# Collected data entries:
Start of Block
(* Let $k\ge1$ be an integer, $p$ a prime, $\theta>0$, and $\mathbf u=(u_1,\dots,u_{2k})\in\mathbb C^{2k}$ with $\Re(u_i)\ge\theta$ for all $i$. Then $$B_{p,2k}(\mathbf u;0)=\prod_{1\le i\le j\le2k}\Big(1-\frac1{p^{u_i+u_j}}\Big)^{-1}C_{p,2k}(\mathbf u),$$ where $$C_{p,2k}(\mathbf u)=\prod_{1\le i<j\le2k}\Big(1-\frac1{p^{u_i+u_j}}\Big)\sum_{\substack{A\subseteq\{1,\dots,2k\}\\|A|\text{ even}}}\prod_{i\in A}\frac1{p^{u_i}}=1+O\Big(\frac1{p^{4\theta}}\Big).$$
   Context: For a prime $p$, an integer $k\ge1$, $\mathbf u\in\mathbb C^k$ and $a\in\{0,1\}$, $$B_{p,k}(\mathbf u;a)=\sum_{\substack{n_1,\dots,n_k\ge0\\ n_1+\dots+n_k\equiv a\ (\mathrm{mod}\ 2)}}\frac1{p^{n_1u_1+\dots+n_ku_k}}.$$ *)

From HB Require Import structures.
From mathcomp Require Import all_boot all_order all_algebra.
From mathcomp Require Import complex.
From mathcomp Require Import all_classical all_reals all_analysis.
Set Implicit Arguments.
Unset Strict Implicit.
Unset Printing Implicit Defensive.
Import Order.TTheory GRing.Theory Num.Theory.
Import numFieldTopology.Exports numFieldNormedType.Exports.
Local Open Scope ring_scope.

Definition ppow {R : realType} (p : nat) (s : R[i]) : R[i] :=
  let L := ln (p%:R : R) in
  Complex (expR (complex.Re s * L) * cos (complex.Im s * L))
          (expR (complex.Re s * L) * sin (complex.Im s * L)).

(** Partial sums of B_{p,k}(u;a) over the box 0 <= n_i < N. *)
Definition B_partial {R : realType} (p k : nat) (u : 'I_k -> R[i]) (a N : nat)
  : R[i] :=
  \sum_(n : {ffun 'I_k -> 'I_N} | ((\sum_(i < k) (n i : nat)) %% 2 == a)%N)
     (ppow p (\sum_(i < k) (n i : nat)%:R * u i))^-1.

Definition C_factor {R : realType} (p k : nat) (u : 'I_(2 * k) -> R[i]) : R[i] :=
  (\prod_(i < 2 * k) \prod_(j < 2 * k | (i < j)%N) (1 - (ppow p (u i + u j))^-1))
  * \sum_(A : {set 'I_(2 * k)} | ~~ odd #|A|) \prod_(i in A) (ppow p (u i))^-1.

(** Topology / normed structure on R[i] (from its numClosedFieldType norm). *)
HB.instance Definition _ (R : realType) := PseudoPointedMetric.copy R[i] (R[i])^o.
End of Block
Start of Block
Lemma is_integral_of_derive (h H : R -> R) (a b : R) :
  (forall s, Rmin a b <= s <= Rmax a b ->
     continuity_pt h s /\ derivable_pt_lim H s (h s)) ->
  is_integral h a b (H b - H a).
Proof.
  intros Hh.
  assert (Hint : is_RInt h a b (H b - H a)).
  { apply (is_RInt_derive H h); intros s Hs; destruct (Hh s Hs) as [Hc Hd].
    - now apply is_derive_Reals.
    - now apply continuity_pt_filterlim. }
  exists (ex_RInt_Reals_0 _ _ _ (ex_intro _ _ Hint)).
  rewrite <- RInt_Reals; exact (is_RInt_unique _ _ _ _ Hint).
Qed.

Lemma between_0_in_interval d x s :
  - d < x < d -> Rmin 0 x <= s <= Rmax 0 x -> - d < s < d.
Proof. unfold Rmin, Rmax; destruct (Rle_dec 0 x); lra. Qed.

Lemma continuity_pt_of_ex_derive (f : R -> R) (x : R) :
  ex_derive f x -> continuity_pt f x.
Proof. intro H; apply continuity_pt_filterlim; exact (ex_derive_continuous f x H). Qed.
End of Block
Start of Block
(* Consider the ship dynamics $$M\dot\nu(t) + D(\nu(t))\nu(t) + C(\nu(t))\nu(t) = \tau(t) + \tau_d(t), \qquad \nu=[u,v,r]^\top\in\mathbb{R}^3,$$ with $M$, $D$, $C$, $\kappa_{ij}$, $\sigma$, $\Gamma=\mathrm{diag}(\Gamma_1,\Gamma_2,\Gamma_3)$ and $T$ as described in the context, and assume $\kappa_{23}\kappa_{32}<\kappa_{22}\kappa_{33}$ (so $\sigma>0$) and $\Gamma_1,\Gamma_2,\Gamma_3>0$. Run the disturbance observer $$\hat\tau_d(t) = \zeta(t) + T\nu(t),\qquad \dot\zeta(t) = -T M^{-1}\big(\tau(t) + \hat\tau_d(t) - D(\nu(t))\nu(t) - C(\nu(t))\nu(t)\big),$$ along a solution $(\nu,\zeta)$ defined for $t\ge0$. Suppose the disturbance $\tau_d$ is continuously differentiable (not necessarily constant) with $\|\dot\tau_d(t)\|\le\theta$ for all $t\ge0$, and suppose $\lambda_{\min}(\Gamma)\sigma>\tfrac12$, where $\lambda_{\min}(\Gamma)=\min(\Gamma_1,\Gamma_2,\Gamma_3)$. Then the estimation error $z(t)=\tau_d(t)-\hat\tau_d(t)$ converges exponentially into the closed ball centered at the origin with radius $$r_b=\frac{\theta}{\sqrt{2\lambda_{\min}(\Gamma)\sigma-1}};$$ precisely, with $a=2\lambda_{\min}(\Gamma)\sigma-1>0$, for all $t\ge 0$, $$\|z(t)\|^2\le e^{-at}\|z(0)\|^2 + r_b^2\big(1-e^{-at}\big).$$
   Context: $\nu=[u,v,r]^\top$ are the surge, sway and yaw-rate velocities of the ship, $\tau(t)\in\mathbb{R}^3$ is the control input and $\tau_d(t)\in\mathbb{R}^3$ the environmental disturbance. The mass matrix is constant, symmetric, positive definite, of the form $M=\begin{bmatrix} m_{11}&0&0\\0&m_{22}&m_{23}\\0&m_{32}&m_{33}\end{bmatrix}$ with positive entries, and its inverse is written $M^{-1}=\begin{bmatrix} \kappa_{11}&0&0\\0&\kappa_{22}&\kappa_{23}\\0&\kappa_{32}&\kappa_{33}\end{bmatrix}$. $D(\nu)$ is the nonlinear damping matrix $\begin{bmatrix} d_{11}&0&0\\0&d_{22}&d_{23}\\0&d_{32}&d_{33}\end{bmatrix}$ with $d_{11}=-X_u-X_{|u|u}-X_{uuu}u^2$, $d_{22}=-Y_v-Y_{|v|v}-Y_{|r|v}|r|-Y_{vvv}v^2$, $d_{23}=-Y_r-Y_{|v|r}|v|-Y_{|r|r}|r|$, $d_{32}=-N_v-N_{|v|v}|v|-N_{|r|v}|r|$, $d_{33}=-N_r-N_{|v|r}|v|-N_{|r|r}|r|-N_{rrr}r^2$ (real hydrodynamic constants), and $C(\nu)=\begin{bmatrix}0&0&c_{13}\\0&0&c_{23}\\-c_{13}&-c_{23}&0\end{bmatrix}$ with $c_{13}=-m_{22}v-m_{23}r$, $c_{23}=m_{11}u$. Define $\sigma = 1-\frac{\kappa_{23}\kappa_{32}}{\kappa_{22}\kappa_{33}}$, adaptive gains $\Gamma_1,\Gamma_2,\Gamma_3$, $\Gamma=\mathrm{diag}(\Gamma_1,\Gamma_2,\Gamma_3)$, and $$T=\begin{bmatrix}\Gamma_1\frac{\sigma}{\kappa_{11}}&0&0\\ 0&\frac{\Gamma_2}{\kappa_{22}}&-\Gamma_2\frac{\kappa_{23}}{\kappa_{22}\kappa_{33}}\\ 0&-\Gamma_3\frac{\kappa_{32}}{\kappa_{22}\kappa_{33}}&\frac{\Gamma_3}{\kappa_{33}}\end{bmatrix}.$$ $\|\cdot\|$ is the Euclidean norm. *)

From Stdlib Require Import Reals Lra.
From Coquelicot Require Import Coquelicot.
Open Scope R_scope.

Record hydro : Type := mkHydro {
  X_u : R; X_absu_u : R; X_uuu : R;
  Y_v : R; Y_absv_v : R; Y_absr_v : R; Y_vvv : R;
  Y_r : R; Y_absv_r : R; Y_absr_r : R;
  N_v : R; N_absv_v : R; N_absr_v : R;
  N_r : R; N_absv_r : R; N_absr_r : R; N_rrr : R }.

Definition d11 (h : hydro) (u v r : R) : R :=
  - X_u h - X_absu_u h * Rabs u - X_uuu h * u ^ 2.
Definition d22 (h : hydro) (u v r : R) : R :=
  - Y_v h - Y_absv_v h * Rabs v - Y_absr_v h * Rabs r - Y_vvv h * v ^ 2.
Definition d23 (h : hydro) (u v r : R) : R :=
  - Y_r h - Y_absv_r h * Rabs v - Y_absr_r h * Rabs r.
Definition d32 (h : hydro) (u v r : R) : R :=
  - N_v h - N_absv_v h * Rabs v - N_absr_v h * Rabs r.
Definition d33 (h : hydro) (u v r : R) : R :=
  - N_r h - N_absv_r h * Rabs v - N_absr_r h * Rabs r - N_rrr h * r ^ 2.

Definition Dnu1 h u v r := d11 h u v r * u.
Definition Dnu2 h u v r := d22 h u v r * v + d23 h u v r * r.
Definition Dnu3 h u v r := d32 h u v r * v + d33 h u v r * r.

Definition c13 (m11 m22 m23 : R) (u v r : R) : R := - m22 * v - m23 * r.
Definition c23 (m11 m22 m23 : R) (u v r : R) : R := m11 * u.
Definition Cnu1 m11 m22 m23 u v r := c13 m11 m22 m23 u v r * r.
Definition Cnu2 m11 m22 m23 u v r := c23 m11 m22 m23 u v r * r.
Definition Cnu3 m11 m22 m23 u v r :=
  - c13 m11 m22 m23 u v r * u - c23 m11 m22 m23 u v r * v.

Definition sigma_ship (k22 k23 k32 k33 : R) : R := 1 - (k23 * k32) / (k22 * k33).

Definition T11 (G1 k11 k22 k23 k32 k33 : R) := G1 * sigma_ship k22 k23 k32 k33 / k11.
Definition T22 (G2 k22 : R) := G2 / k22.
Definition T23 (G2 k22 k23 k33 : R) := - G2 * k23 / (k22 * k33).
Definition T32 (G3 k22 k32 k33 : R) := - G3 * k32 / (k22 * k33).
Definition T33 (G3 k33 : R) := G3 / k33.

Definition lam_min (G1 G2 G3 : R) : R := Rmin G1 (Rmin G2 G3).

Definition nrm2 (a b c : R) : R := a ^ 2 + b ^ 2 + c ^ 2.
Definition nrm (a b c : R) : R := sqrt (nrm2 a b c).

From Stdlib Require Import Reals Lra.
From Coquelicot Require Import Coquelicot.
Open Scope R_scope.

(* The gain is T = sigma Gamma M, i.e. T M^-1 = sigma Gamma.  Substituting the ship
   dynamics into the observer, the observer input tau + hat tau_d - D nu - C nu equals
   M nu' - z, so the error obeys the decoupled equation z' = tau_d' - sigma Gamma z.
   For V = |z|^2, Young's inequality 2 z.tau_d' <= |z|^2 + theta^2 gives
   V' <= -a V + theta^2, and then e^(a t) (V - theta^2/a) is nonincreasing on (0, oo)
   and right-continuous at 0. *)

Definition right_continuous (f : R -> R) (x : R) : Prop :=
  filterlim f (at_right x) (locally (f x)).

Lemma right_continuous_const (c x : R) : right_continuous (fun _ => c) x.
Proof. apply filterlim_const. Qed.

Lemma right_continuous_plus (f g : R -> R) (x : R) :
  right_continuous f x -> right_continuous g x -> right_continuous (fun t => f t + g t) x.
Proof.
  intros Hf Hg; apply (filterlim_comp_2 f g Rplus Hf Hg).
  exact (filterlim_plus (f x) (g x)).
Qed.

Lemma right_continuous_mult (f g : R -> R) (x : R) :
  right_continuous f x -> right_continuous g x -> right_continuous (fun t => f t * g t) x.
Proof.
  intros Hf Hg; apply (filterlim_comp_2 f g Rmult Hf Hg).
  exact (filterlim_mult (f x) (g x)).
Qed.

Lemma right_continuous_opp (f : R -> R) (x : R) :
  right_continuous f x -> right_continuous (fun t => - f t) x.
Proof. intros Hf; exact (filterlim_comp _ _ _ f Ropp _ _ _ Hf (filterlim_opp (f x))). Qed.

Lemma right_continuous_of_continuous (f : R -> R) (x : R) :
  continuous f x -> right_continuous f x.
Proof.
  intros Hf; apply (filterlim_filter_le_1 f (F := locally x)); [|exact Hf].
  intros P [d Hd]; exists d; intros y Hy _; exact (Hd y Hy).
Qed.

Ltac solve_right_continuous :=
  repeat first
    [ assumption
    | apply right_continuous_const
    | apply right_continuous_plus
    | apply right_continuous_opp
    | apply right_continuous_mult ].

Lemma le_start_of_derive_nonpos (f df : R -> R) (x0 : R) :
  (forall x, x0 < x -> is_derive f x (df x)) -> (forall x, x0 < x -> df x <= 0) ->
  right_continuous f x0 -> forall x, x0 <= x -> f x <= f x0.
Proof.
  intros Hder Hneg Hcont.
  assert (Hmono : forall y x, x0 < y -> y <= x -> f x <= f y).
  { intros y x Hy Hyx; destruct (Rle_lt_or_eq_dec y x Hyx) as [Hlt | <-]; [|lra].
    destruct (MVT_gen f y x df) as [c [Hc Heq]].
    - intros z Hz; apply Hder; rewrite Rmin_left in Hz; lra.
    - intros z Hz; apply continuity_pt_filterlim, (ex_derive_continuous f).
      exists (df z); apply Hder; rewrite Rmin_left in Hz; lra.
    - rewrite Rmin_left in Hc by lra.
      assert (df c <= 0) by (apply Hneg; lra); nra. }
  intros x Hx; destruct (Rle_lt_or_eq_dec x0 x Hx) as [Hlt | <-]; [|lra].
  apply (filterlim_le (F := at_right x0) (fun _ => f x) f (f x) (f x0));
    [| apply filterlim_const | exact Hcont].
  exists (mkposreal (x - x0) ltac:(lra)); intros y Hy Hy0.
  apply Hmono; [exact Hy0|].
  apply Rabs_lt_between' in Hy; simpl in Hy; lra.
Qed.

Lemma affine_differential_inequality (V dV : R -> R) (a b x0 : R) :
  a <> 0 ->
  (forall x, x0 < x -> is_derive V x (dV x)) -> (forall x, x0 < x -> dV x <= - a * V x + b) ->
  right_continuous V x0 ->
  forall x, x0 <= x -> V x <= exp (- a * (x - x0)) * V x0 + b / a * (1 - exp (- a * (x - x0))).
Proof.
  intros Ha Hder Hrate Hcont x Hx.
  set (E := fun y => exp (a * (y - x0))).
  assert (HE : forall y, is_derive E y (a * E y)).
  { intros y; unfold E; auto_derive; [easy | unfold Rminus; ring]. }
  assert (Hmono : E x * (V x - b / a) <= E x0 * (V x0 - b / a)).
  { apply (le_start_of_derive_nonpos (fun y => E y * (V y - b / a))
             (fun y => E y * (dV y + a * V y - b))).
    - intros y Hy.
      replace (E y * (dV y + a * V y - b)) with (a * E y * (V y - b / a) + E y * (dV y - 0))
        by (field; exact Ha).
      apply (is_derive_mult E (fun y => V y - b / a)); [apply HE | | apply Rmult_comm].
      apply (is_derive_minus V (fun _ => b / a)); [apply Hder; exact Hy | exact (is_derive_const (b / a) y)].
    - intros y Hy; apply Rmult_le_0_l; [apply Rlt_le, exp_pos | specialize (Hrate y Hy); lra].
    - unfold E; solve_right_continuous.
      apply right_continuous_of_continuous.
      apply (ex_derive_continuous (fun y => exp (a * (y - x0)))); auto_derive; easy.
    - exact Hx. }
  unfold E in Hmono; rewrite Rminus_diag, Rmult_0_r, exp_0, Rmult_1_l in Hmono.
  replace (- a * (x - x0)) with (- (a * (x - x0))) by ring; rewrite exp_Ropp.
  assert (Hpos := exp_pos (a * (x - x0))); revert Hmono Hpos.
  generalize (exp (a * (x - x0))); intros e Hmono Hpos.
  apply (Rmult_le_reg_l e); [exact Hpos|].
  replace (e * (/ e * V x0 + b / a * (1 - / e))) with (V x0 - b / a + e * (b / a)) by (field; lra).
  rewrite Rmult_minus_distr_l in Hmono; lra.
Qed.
End of Block
# WORK ITEM:
Wherever the line holding "- Y_v h - Y_absv_v" falls in the entries above, copy exactly from it through the line holding "Definition Cnu1 m11", inclusive, and add nothing.

# SOLUTION BELOW:
  - Y_v h - Y_absv_v h * Rabs v - Y_absr_v h * Rabs r - Y_vvv h * v ^ 2.
Definition d23 (h : hydro) (u v r : R) : R :=
  - Y_r h - Y_absv_r h * Rabs v - Y_absr_r h * Rabs r.
Definition d32 (h : hydro) (u v r : R) : R :=
  - N_v h - N_absv_v h * Rabs v - N_absr_v h * Rabs r.
Definition d33 (h : hydro) (u v r : R) : R :=
  - N_r h - N_absv_r h * Rabs v - N_absr_r h * Rabs r - N_rrr h * r ^ 2.

Definition Dnu1 h u v r := d11 h u v r * u.
Definition Dnu2 h u v r := d22 h u v r * v + d23 h u v r * r.
Definition Dnu3 h u v r := d32 h u v r * v + d33 h u v r * r.

Definition c13 (m11 m22 m23 : R) (u v r : R) : R := - m22 * v - m23 * r.
Definition c23 (m11 m22 m23 : R) (u v r : R) : R := m11 * u.
Definition Cnu1 m11 m22 m23 u v r := c13 m11 m22 m23 u v r * r.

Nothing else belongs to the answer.